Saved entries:
[Start of section]
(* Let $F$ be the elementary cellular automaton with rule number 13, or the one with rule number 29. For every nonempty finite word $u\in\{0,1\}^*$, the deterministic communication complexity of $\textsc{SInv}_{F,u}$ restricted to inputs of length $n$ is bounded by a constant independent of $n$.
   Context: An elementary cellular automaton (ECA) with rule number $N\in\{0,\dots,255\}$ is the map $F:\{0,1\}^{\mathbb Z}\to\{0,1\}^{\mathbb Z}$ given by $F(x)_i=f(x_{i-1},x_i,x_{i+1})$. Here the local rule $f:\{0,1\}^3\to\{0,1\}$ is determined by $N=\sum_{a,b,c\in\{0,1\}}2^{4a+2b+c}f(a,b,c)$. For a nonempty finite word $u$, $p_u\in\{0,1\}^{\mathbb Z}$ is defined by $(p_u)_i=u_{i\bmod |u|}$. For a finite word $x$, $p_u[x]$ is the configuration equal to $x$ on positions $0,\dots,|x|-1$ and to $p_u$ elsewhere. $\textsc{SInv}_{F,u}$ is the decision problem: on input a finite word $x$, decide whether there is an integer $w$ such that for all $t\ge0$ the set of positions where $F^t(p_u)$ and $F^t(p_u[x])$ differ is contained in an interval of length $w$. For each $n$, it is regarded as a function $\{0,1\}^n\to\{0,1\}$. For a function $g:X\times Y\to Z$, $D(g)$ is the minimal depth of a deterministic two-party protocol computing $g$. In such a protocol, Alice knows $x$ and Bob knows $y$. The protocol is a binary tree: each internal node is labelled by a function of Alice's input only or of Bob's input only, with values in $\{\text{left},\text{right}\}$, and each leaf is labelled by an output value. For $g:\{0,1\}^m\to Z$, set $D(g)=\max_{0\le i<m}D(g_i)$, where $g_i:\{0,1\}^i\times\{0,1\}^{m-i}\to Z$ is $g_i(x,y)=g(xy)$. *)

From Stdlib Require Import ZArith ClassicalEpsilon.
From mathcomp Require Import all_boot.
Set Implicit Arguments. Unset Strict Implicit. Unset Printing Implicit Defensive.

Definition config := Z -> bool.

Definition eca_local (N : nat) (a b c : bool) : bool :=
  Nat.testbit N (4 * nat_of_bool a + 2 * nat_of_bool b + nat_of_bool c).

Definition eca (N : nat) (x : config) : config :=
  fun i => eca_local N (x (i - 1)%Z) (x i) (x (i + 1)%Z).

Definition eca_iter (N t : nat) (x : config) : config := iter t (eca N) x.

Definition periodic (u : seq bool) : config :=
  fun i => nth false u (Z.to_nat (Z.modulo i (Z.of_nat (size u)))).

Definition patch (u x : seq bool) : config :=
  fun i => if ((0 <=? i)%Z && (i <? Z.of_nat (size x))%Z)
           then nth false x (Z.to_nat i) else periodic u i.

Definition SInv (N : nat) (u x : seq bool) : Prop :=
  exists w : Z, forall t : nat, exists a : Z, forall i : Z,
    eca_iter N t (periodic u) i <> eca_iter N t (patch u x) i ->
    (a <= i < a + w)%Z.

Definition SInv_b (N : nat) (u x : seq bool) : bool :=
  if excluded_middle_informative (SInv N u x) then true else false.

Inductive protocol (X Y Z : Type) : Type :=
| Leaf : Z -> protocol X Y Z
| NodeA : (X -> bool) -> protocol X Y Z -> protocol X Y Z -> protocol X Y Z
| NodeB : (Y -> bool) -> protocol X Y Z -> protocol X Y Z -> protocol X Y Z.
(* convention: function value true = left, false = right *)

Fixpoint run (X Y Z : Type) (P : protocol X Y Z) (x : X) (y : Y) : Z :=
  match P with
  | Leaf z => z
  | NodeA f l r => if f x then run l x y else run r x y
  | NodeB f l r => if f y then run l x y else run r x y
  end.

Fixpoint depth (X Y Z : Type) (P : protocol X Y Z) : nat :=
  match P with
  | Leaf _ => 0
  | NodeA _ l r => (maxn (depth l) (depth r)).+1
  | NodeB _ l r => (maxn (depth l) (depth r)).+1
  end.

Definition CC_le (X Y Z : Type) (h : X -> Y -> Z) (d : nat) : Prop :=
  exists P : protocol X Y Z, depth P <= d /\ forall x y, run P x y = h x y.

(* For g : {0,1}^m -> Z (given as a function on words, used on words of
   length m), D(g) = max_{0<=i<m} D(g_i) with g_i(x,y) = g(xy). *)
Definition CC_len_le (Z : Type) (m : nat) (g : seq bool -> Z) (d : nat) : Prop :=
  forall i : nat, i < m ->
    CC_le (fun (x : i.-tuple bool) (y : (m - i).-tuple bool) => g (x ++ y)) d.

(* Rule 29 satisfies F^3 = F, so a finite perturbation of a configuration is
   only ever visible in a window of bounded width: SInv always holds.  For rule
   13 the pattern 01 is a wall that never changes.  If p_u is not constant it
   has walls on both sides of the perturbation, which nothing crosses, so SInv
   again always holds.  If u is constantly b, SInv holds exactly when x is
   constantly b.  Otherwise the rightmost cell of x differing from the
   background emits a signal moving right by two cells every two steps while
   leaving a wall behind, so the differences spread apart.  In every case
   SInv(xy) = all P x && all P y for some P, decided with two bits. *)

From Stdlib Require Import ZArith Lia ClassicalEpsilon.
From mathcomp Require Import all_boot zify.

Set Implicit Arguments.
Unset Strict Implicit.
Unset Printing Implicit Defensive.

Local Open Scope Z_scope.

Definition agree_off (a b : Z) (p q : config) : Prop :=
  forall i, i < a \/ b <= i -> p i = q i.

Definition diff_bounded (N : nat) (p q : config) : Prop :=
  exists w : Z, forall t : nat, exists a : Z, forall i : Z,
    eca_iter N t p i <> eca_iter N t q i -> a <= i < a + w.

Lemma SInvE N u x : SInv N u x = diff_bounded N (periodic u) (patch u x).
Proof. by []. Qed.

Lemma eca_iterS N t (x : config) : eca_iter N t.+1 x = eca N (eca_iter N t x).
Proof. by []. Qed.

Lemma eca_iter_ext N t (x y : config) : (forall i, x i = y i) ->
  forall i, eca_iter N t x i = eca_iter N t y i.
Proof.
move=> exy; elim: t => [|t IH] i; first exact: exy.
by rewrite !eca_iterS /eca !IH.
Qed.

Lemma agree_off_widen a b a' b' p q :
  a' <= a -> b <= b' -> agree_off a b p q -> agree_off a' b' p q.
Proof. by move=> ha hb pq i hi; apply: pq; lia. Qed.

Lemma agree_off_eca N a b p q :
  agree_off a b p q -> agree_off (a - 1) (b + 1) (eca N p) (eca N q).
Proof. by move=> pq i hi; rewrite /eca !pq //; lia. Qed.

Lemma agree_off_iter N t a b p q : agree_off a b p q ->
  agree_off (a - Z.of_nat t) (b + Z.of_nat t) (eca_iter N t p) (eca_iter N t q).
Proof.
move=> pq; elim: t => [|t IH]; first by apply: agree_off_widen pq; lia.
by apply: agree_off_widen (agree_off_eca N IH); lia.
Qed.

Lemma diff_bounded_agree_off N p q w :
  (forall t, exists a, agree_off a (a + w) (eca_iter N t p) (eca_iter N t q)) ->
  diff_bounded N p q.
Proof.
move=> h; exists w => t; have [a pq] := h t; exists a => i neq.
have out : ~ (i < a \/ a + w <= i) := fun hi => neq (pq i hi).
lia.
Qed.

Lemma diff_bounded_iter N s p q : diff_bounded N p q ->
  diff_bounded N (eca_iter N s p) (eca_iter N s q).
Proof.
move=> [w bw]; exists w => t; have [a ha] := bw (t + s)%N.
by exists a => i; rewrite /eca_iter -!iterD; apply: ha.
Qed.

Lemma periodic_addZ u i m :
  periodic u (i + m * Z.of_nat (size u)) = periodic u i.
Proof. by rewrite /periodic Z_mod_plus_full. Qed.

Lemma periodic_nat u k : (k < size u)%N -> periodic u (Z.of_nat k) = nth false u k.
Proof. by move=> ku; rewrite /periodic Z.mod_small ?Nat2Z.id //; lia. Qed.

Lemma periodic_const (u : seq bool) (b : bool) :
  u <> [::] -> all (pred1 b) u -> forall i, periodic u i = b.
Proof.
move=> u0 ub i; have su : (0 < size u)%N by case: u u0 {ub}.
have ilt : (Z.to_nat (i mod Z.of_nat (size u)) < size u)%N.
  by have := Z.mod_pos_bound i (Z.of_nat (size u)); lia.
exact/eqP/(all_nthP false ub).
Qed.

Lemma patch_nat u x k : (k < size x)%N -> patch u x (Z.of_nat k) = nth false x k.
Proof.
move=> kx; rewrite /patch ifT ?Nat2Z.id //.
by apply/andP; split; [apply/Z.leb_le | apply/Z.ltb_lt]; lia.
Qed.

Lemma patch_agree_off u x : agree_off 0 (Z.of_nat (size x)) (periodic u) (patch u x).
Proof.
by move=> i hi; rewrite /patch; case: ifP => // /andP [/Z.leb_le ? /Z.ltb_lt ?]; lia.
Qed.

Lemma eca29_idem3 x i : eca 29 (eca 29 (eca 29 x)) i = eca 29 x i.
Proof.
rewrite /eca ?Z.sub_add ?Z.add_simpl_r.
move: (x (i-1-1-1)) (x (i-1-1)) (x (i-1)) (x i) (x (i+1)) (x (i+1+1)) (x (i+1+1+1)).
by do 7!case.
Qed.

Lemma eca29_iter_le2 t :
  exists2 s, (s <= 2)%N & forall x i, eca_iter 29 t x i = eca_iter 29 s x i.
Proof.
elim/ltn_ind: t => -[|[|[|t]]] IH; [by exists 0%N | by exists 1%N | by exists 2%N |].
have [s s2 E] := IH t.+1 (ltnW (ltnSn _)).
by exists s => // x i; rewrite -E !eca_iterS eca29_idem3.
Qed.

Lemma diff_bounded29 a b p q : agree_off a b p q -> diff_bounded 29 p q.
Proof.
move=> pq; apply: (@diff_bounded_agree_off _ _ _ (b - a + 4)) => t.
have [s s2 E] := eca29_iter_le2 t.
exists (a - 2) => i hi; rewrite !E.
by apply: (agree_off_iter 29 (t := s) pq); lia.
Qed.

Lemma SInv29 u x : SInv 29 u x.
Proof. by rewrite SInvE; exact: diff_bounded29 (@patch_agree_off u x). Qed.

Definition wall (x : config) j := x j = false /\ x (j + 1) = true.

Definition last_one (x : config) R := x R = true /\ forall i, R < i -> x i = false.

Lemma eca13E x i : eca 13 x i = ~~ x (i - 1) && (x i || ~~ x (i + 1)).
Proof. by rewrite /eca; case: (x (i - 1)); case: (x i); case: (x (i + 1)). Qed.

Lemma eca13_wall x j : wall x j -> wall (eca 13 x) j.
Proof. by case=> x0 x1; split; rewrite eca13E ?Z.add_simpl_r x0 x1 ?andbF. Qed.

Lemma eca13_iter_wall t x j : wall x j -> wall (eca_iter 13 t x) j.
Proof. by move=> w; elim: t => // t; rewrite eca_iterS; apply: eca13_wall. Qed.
[End of section]
As you read the records above, find each line that contains "Arguments" and copy it.

_Result of the task_
Set Implicit Arguments. Unset Strict Implicit. Unset Printing Implicit Defensive.
Set Implicit Arguments.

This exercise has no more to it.